Saved data entries:

"""

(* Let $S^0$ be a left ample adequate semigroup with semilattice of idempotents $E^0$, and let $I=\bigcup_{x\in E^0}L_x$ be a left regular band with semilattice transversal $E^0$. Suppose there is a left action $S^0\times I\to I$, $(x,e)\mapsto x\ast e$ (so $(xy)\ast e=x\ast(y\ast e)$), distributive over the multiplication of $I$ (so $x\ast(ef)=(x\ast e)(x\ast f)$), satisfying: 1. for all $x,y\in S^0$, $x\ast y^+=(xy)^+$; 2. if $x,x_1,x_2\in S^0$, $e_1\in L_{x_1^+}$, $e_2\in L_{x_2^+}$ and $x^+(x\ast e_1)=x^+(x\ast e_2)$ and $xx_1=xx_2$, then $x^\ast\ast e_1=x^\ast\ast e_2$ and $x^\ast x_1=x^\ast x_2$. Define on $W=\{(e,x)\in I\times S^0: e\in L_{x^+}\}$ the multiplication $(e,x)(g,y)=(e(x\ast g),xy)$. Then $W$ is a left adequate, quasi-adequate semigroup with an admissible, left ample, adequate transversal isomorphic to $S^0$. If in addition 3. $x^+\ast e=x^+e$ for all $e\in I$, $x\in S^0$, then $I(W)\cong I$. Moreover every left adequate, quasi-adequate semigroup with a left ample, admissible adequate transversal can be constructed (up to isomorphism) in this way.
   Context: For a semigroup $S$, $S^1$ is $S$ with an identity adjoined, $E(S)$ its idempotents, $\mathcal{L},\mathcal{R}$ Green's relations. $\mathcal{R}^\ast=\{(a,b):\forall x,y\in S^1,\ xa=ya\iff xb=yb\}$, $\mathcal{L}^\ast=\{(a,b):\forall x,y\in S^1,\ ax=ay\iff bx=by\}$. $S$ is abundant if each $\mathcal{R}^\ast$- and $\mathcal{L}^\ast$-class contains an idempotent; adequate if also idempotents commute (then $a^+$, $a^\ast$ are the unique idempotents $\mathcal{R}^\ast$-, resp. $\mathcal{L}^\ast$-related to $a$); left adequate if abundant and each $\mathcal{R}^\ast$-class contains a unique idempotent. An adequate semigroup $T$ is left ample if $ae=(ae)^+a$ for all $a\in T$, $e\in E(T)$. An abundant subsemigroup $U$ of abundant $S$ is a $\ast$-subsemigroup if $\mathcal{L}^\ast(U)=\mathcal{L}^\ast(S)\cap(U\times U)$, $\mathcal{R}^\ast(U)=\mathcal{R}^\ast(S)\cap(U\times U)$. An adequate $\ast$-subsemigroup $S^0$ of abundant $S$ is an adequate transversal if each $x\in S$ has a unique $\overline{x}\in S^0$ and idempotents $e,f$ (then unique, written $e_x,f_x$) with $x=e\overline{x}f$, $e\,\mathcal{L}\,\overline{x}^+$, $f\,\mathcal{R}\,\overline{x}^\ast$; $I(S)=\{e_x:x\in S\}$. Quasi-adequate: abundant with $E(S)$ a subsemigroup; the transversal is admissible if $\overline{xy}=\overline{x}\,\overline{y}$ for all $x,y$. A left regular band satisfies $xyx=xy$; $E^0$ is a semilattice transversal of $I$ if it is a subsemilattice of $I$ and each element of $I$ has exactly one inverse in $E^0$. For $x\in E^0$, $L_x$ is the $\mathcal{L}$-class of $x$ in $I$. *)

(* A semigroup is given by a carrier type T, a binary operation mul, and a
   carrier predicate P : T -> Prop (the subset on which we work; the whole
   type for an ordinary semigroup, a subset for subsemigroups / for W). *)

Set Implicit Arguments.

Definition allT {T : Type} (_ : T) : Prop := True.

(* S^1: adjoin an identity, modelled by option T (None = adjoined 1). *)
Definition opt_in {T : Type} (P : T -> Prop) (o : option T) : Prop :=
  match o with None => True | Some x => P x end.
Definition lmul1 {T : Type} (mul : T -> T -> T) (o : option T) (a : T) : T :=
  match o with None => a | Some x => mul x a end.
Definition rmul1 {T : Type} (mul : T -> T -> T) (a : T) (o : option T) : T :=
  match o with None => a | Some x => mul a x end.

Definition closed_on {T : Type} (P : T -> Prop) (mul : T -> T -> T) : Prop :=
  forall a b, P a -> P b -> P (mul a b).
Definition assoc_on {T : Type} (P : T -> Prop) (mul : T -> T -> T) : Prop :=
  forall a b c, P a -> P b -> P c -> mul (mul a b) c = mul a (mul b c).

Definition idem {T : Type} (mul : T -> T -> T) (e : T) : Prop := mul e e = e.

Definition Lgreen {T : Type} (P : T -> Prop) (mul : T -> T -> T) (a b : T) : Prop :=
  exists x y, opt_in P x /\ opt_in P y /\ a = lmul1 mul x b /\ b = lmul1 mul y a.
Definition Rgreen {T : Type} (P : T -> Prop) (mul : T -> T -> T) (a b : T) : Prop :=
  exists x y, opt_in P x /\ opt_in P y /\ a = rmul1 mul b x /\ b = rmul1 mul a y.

"""
"""

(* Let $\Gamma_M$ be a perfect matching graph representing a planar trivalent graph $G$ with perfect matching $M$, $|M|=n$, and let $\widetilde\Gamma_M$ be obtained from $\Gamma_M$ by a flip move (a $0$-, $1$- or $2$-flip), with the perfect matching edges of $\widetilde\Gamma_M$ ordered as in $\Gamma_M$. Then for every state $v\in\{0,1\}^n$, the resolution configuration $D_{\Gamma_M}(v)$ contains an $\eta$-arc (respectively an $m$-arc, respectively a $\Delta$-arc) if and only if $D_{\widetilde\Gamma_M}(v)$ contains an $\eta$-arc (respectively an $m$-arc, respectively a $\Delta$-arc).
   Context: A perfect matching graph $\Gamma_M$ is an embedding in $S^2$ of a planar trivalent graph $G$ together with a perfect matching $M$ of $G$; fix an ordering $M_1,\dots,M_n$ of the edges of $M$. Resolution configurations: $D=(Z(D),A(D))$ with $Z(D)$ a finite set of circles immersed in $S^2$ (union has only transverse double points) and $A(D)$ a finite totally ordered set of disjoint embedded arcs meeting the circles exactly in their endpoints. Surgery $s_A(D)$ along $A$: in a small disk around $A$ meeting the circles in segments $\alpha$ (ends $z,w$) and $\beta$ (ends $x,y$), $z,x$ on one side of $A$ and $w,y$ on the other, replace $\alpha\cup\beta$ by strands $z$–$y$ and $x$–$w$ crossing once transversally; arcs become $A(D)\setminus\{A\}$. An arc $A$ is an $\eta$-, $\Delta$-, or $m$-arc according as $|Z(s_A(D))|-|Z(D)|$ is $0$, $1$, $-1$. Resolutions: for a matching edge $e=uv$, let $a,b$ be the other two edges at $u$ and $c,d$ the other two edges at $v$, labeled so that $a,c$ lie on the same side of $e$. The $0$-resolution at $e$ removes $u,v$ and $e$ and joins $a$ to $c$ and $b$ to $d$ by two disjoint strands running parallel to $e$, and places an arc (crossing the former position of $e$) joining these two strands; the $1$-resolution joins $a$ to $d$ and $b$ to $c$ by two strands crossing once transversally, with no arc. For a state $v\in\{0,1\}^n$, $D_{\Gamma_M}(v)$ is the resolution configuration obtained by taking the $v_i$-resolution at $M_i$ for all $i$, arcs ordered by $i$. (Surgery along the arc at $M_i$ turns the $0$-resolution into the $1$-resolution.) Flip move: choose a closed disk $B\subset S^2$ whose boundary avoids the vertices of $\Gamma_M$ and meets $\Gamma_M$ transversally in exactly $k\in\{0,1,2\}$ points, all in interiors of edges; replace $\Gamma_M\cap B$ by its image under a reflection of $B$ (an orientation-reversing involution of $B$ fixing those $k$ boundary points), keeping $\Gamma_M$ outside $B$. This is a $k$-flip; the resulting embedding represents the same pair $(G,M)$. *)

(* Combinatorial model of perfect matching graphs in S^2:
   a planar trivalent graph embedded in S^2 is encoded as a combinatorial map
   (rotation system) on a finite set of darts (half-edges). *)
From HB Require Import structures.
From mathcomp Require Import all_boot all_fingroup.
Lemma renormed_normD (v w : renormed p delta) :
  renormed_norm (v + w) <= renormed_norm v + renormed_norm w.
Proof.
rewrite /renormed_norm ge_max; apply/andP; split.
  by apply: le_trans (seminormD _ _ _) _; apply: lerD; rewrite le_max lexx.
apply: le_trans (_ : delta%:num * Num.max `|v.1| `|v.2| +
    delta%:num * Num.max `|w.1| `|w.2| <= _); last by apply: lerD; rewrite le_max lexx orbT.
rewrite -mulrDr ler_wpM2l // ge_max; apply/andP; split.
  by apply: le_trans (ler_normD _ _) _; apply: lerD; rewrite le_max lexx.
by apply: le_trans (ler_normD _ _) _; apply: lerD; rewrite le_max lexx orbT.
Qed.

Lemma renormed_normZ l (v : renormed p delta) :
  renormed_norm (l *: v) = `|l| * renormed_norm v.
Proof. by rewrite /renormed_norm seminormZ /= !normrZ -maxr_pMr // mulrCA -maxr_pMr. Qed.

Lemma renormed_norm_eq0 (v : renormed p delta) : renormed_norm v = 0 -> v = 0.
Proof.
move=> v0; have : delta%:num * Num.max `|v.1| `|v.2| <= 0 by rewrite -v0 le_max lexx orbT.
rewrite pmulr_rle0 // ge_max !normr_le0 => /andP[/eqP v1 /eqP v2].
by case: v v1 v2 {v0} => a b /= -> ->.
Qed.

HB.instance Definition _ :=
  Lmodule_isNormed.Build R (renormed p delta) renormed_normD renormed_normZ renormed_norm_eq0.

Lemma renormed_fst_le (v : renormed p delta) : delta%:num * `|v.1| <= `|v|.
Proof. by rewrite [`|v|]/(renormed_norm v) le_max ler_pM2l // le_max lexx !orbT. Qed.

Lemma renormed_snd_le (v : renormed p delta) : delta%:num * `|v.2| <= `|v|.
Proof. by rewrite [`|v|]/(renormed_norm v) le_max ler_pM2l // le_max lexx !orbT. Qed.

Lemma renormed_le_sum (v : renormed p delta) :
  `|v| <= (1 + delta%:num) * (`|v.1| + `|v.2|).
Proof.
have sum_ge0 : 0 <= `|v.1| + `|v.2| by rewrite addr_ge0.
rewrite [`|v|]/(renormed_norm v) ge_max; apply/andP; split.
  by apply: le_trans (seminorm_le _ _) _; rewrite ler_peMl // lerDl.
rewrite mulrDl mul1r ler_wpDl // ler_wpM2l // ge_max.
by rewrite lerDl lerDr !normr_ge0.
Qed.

"""

The expected answer is an exact copy of the lines above, beginning at the line with "(* S^1: adjoin" and ending at the line with "rmul1 mul a y.", with both ends in.

Answer section »
(* S^1: adjoin an identity, modelled by option T (None = adjoined 1). *)
Definition opt_in {T : Type} (P : T -> Prop) (o : option T) : Prop :=
  match o with None => True | Some x => P x end.
Definition lmul1 {T : Type} (mul : T -> T -> T) (o : option T) (a : T) : T :=
  match o with None => a | Some x => mul x a end.
Definition rmul1 {T : Type} (mul : T -> T -> T) (a : T) (o : option T) : T :=
  match o with None => a | Some x => mul a x end.

Definition closed_on {T : Type} (P : T -> Prop) (mul : T -> T -> T) : Prop :=
  forall a b, P a -> P b -> P (mul a b).
Definition assoc_on {T : Type} (P : T -> Prop) (mul : T -> T -> T) : Prop :=
  forall a b c, P a -> P b -> P c -> mul (mul a b) c = mul a (mul b c).

Definition idem {T : Type} (mul : T -> T -> T) (e : T) : Prop := mul e e = e.

Definition Lgreen {T : Type} (P : T -> Prop) (mul : T -> T -> T) (a b : T) : Prop :=
  exists x y, opt_in P x /\ opt_in P y /\ a = lmul1 mul x b /\ b = lmul1 mul y a.
Definition Rgreen {T : Type} (P : T -> Prop) (mul : T -> T -> T) (a b : T) : Prop :=
  exists x y, opt_in P x /\ opt_in P y /\ a = rmul1 mul b x /\ b = rmul1 mul a y.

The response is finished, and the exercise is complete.